Exercise description:
Repeat precisely the span of lines below that opens with the line containing "p cols) = r." and closes with the line containing "have rkA := rank_sampledA p_gt0 rk_cols.", both included.

(Records drawn from a dataset)
Lemma svd_row_eq0 p q (A : 'M[R]_(p, q)) U S V (i : 'I_p) (j : 'I_q) :
  is_svd A U S V -> (\rank A <= i)%N -> S i j = 0.
Proof.
move=> svdA; rewrite (svd_rank svdA); case: svdA => _ _ [S_diag S_ge0] S_mono _.
have [eq_ij|ne_ij] := eqVneq (i : nat) j; last by move=> _; apply: S_diag; apply/eqP.
apply: contraTeq; rewrite -ltnNge => Sij_neq0.
have le_ip : (i.+1 <= p)%N by []; have le_iq : (i.+1 <= q)%N by rewrite eq_ij.
have Sij_gt0 : 0 < S i j by rewrite lt_def Sij_neq0 S_ge0.
pose D := mxsub (widen_ord le_ip) (widen_ord le_iq) S.
have D_diag : D = diag_mx (\row_l S (widen_ord le_ip l) (widen_ord le_iq l)).
  apply/matrixP=> a b; rewrite !mxE; have [->|/eqP ne_ab] := eqVneq a b; first by rewrite mulr1n.
  by rewrite mulr0n S_diag //= => eq_ab; apply: ne_ab; apply: val_inj.
have D_unit : D \in unitmx.
  rewrite D_diag unitmxE det_diag unitfE; apply/prodf_neq0 => l _; rewrite mxE gt_eqF //.
  by apply: lt_le_trans Sij_gt0 (S_mono _ _ _ _ _ _ _) => //=; rewrite -ltnS.
by rewrite -[i.+1](mxrank_unit D_unit) mxrank_mxsub_le.
Qed.

Lemma svd_first_cols_proj p q (A : 'M[R]_(p, q)) U S V k (W : 'M[R]_(p, k)) :
  is_svd A U S V -> \rank A = k -> first_cols U W -> W *m (W^T *m A) = A.
Proof.
move=> svdA rkA fcW; have [le_kp _] := fcW.
have pidS : (pid_mx k : 'M_p) *m S = S.
  apply/matrixP=> a j; rewrite mxE (bigD1 a) //= big1 => [|b ne_ba]; last first.
    by rewrite mxE (_ : (a : nat) == b = false) ?mul0r //; apply/negbTE; rewrite eq_sym.
  rewrite addr0 mxE eqxx /=; case: ltnP => [_|le_ka]; first by rewrite mul1r.
  by rewrite mul0r (svd_row_eq0 _ svdA) // rkA.
case: svdA => U_orth _ _ _ defA.
rewrite (first_colsE fcW) trmx_mul tr_pid_mx {1}defA !mulmxA -(mulmxA _ U^T U) U_orth mulmx1.
by rewrite -(mulmxA U (pid_mx k)) pid_mx_id // -(mulmxA U) pidS.
Qed.

Lemma is_svd_tr p q (A : 'M[R]_(p, q)) U S V : is_svd A U S V -> is_svd A^T V S^T U.
Proof.
case=> U_orth V_orth [S_diag S_ge0] S_mono defA; split => //.
- by split=> i j; rewrite mxE; [move=> ne_ij; apply: S_diag => eq_ji; apply: ne_ij | exact: S_ge0].
- by move=> i1 i2 j1 j2 eq1 eq2 le12; rewrite !mxE; apply: S_mono; rewrite -?eq1 -?eq2.
- by rewrite defA !trmx_mul trmxK mulmxA.
Qed.

Lemma top_left_sv_proj p q (A : 'M[R]_(p, q)) k (W : 'M[R]_(p, k)) :
  \rank A = k -> top_left_sv A W -> W^T *m W = 1%:M /\ W *m (W^T *m A) = A.
Proof.
move=> rkA [U [S [V [svdA fcW]]]]; split; last exact: svd_first_cols_proj svdA rkA fcW.
by case: svdA => U_orth _ _ _ _; exact: first_cols_orthonormal fcW.
Qed.

End SVD.

Lemma incoherent_bases (R : realType) m n (M : 'M[R]_(m, n)) r mu :
  \rank M = r -> incoherence M r mu ->
  exists (Ub : 'M[R]_(m, r)) (Vb : 'M[R]_(n, r)),
    [/\ Ub^T *m Ub = 1%:M, Ub *m (Ub^T *m M) = M
       & forall i, m%:R / r%:R * \sum_k Ub i k ^+ 2 <= mu] /\
    [/\ Vb^T *m Vb = 1%:M, Vb *m (Vb^T *m M^T) = M^T
       & forall i, n%:R / r%:R * \sum_k Vb i k ^+ 2 <= mu].
Proof.
move=> rkM [U [S [V [Ub [Vb [svdM fcU fcV ->]]]]]]; have [U_orth V_orth _ _ _] := svdM.
exists Ub, Vb; split; split.
- exact: first_cols_orthonormal fcU.
- exact: svd_first_cols_proj svdM rkM fcU.
- move=> i; rewrite le_max.
  by rewrite (le_bigmax 0 (fun i => m%:R / r%:R * \sum_(j < r) Ub i j ^+ 2) i).
- exact: first_cols_orthonormal fcV.
- exact: svd_first_cols_proj (is_svd_tr svdM) (etrans (mxrank_tr M) rkM) fcV.
- move=> i; rewrite le_max orbC.
  by rewrite (le_bigmax 0 (fun i => n%:R / r%:R * \sum_(j < r) Vb i j ^+ 2) i).
Qed.

Lemma rowsub_least_squares (F : fieldType) p k s (U : 'M[F]_(p, k)) (t : 'I_s -> 'I_p)
  (y : 'cV[F]_k) : (rowsub t U)^T *m rowsub t U \in unitmx ->
  U *m invmx ((rowsub t U)^T *m rowsub t U) *m (rowsub t U)^T *m rowsub t (U *m y) = U *m y.
Proof.
move=> G_unit; rewrite -mul_rowsub_mx.
by rewrite -!mulmxA (mulmxA (rowsub t U)^T) mulKmx.
Qed.

Lemma sampledAE (R : realType) m n (M : 'M[R]_(m, n)) d p (cols : {ffun 'I_d -> 'I_n}) :
  sampledA M p cols = M *m \matrix_(i, j) ((cols j == i)%:R / Num.sqrt (d%:R * p (cols j))).
Proof.
apply/matrixP=> a j; rewrite !mxE (bigD1 (cols j)) //= mxE eqxx mul1r big1 ?addr0 // => i ne_i.
by rewrite mxE eq_sym (negPf ne_i) mul0r mulr0.
Qed.

Section ExactRecovery.
Variables (R : realType) (m n r : nat) (M : 'M[R]_(m, n)).
Variables (Ub : 'M[R]_(m, r)) (Vb : 'M[R]_(n, r)).
Hypotheses (rkM : \rank M = r) (Ub_span : Ub *m (Ub^T *m M) = M).
Hypothesis Vb_span : Vb *m (Vb^T *m M^T) = M^T.

Lemma rank_sampledA d (p : 'I_n -> R) (cols : {ffun 'I_d -> 'I_n}) : (forall i, 0 < p i) ->
  \rank (rowsub cols Vb) = r -> \rank (sampledA M p cols) = r.
Proof.
move=> p_gt0 rk_cols; rewrite sampledAE.
set C := \matrix_(i, j) _; set D := diag_mx (\row_j (Num.sqrt (d%:R * p (cols j)))^-1).
have VbC : Vb^T *m C = (rowsub cols Vb)^T *m D.
  apply/matrixP=> l j; rewrite mul_mx_diag !mxE (bigD1 (cols j)) //= !mxE eqxx mul1r.
  rewrite big1 ?addr0 // => i ne_i; by rewrite !mxE eq_sym (negPf ne_i) mul0r mulr0.
have D_unit : D \in unitmx.
  rewrite unitmxE det_diag unitfE; apply/prodf_neq0 => j _; rewrite mxE invr_eq0 gt_eqF //.
  by rewrite sqrtr_gt0 mulr_gt0 // ltr0n (leq_ltn_trans _ (ltn_ord j)).
have MVb : M = M *m Vb *m Vb^T.
  by rewrite -[LHS]trmxK -Vb_span !trmx_mul !trmxK.
have rk_MVb : \rank (M *m Vb) = r.
  by apply/eqP; rewrite eqn_leq rank_leq_col -{1}rkM {1}MVb mxrankM_maxl.
rewrite MVb -mulmxA VbC mulmxA mxrankMfree ?row_free_unit //.
by rewrite mxrankMfree // /row_free mxrank_tr rk_cols.
Qed.

Lemma mcnus_success_of_full_rank d s (p : 'I_n -> R) (w : mcnus_omega m n d s) :
  (forall i, 0 < p i) -> \rank (rowsub w.1 Vb) = r ->
  (forall i, \rank (rowsub (w.2 i) Ub) = r) -> mcnus_success M r p w.
Proof.
case: w => cols O p_gt0 /= rk_cols rk_O.
have rkA := rank_sampledA p_gt0 rk_cols.
rewrite /mcnus_success /= /hatr rkA minnn => U /(top_left_sv_proj rkA) [U_orth U_spanA].
set A := sampledA M p cols in rkA U_spanA.
(* A = M C has rank r = rank M, so A, M and U all have the same column space. *)
have A_sub_M : (A^T <= M^T)%MS by rewrite /A sampledAE trmx_mul submxMl.
have M_sub_A : (M^T <= A^T)%MS.
  by rewrite -(geq_leqif (mxrank_leqif_sup A_sub_M)) !mxrank_tr rkA rkM.
have U_spanM : U *m (U^T *m M) = M.
  by rewrite mulmxA; apply: mulmx_colspace_id M_sub_A; rewrite -mulmxA.
have rkU : \rank U = r.
  by apply/eqP; rewrite eqn_leq rank_leq_col -{1}(mxrank1 R r) -U_orth mxrankM_maxr.
have U_sub_A : (U^T <= A^T)%MS.
  have A_sub_U : (A^T <= U^T)%MS by rewrite -U_spanA trmx_mul submxMl.
  by rewrite -(geq_leqif (mxrank_leqif_sup A_sub_U)) !mxrank_tr rkA rkU.
have Ub_spanU : Ub *m (Ub^T *m U) = U.
  rewrite mulmxA; apply: mulmx_colspace_id (submx_trans U_sub_A A_sub_M).
  by rewrite -mulmxA.
have rk_UO i : \rank (U_O U O i) = r.
  have -> : U_O U O i = rowsub (O i) Ub *m (Ub^T *m U).
    by rewrite mul_rowsub_mx Ub_spanU; apply/matrixP=> t c; rewrite !mxE.
  rewrite mxrankMfree ?rk_O // /row_free eqn_leq rank_leq_row /=.
  by rewrite -{1}rkU -{1}Ub_spanU mxrankM_maxr.
split=> [i _|]; first exact: gram_unitmx.
apply/matrixP=> a i; rewrite mxE; case: ifP => // _.
have -> : U_O U O i = rowsub (O i) U by apply/matrixP=> t c; rewrite !mxE.
have U_col : U *m col i (U^T *m M) = col i M by rewrite colE mulmxA -colE U_spanM.
have -> : \col_t M (O i t) i = rowsub (O i) (U *m col i (U^T *m M)).
  by rewrite U_col; apply/matrixP=> t z; rewrite !mxE.
rewrite rowsub_least_squares; last by have := gram_unitmx (rk_UO i); rewrite /U_O.
by rewrite U_col mxE.
Qed.

End ExactRecovery.

Definition ffun_cons (T : finType) s (i : T) (g : {ffun 'I_s -> T}) : {ffun 'I_s.+1 -> T} :=
  [ffun j => if unlift ord0 j is Some j' then g j' else i].

Lemma sum_ffunS (V : nmodType) (T : finType) s (F : {ffun 'I_s.+1 -> T} -> V) :
  \sum_(f : {ffun 'I_s.+1 -> T}) F f
    = \sum_(i : T) \sum_(g : {ffun 'I_s -> T}) F (ffun_cons i g).
Proof.
rewrite pair_big /= (reindex (fun p : T * {ffun 'I_s -> T} => ffun_cons p.1 p.2)) //.
exists (fun f : {ffun 'I_s.+1 -> T} => (f ord0, [ffun j => f (lift ord0 j)])).
  move=> [i g] _ /=; congr pair; first by rewrite ffunE unlift_none.
  by apply/ffunP=> j; rewrite !ffunE liftK.
move=> f _; apply/ffunP=> j; rewrite !ffunE.
by case: unliftP => [j'|] ->; rewrite ?ffunE.
Qed.

Lemma rank_adds_col_mx (F : fieldType) k p q n
  (W : 'M[F]_(k, n)) (A : 'M_(p, n)) (B : 'M_(q, n)) :
  \rank (W + col_mx A B)%MS = \rank ((W + A) + B)%MS.
Proof. by rewrite (adds_eqmx (eqmx_refl W) (eqmx_sym (addsmxE A B))) addsmxA. Qed.

Section RowSampling.
Variables (R : realFieldType) (N r : nat) (X : 'M[R]_(N, r)).
Hypothesis X_orthonormal : X^T *m X = 1%:M.

Lemma sum_row_sqnorm : \sum_i \sum_k X i k ^+ 2 = r%:R.
Proof.
rewrite -[RHS](mxtrace1 R) -X_orthonormal mxtrace_mulC.
by apply: eq_bigr => i _; rewrite mulmx_trmx_diagE.
Qed.

Lemma sum_row_sqnorm_le c : (forall i, \sum_k X i k ^+ 2 <= c) -> r%:R <= c * N%:R.
Proof.
move=> le_c; rewrite -sum_row_sqnorm.
by apply: le_trans (ler_sum _ (fun i _ => le_c i)) _; rewrite sumr_const card_ord mulr_natr.
Qed.

Lemma rank_defect_le_rows_notin (W : 'M[R]_r) c : (forall i, \sum_k X i k ^+ 2 <= c) ->
  (r - \rank W)%:R <= c * \sum_i (~~ (row i X <= W)%MS)%:R.
Proof.
move=> le_c; set P := orthoproj W.
have row_form B i : (row i X *m B *m (row i X)^T) 0 0 = (X *m B *m X^T) i i.
  by rewrite -row_mul !mxE; apply: eq_bigr => j _; rewrite !mxE.
have row_sqnorm i : (row i X *m (row i X)^T) 0 0 = \sum_k X i k ^+ 2.
  by rewrite mulmx_trmx_diagE; apply: eq_bigr => k _; rewrite mxE.
have sum_row_form : \sum_i (row i X *m P *m (row i X)^T) 0 0 = (\rank W)%:R.
  under eq_bigr do rewrite row_form.
  by rewrite -/(\tr _) mxtrace_mulC mulmxA X_orthonormal mul1mx mxtrace_orthoproj.
(* A row in W contributes |x|^2 - x P x^T = 0 to the difference, any other row at most c. *)
rewrite natrB ?rank_leq_col // -sum_row_sqnorm -sum_row_form -sumrB mulr_sumr.
apply: ler_sum => i _; have [inW|notinW] /= := boolP (row i X <= W)%MS.
  by rewrite orthoproj_id // row_sqnorm subrr mulr0.
by rewrite mulr1 lerBlDr (le_trans (le_c i)) // lerDl orthoproj_form_ge0.
Qed.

Exercise result:
  \rank (rowsub cols Vb) = r -> \rank (sampledA M p cols) = r.
Proof.
move=> p_gt0 rk_cols; rewrite sampledAE.
set C := \matrix_(i, j) _; set D := diag_mx (\row_j (Num.sqrt (d%:R * p (cols j)))^-1).
have VbC : Vb^T *m C = (rowsub cols Vb)^T *m D.
  apply/matrixP=> l j; rewrite mul_mx_diag !mxE (bigD1 (cols j)) //= !mxE eqxx mul1r.
  rewrite big1 ?addr0 // => i ne_i; by rewrite !mxE eq_sym (negPf ne_i) mul0r mulr0.
have D_unit : D \in unitmx.
  rewrite unitmxE det_diag unitfE; apply/prodf_neq0 => j _; rewrite mxE invr_eq0 gt_eqF //.
  by rewrite sqrtr_gt0 mulr_gt0 // ltr0n (leq_ltn_trans _ (ltn_ord j)).
have MVb : M = M *m Vb *m Vb^T.
  by rewrite -[LHS]trmxK -Vb_span !trmx_mul !trmxK.
have rk_MVb : \rank (M *m Vb) = r.
  by apply/eqP; rewrite eqn_leq rank_leq_col -{1}rkM {1}MVb mxrankM_maxl.
rewrite MVb -mulmxA VbC mulmxA mxrankMfree ?row_free_unit //.
by rewrite mxrankMfree // /row_free mxrank_tr rk_cols.
Qed.

Lemma mcnus_success_of_full_rank d s (p : 'I_n -> R) (w : mcnus_omega m n d s) :
  (forall i, 0 < p i) -> \rank (rowsub w.1 Vb) = r ->
  (forall i, \rank (rowsub (w.2 i) Ub) = r) -> mcnus_success M r p w.
Proof.
case: w => cols O p_gt0 /= rk_cols rk_O.
have rkA := rank_sampledA p_gt0 rk_cols.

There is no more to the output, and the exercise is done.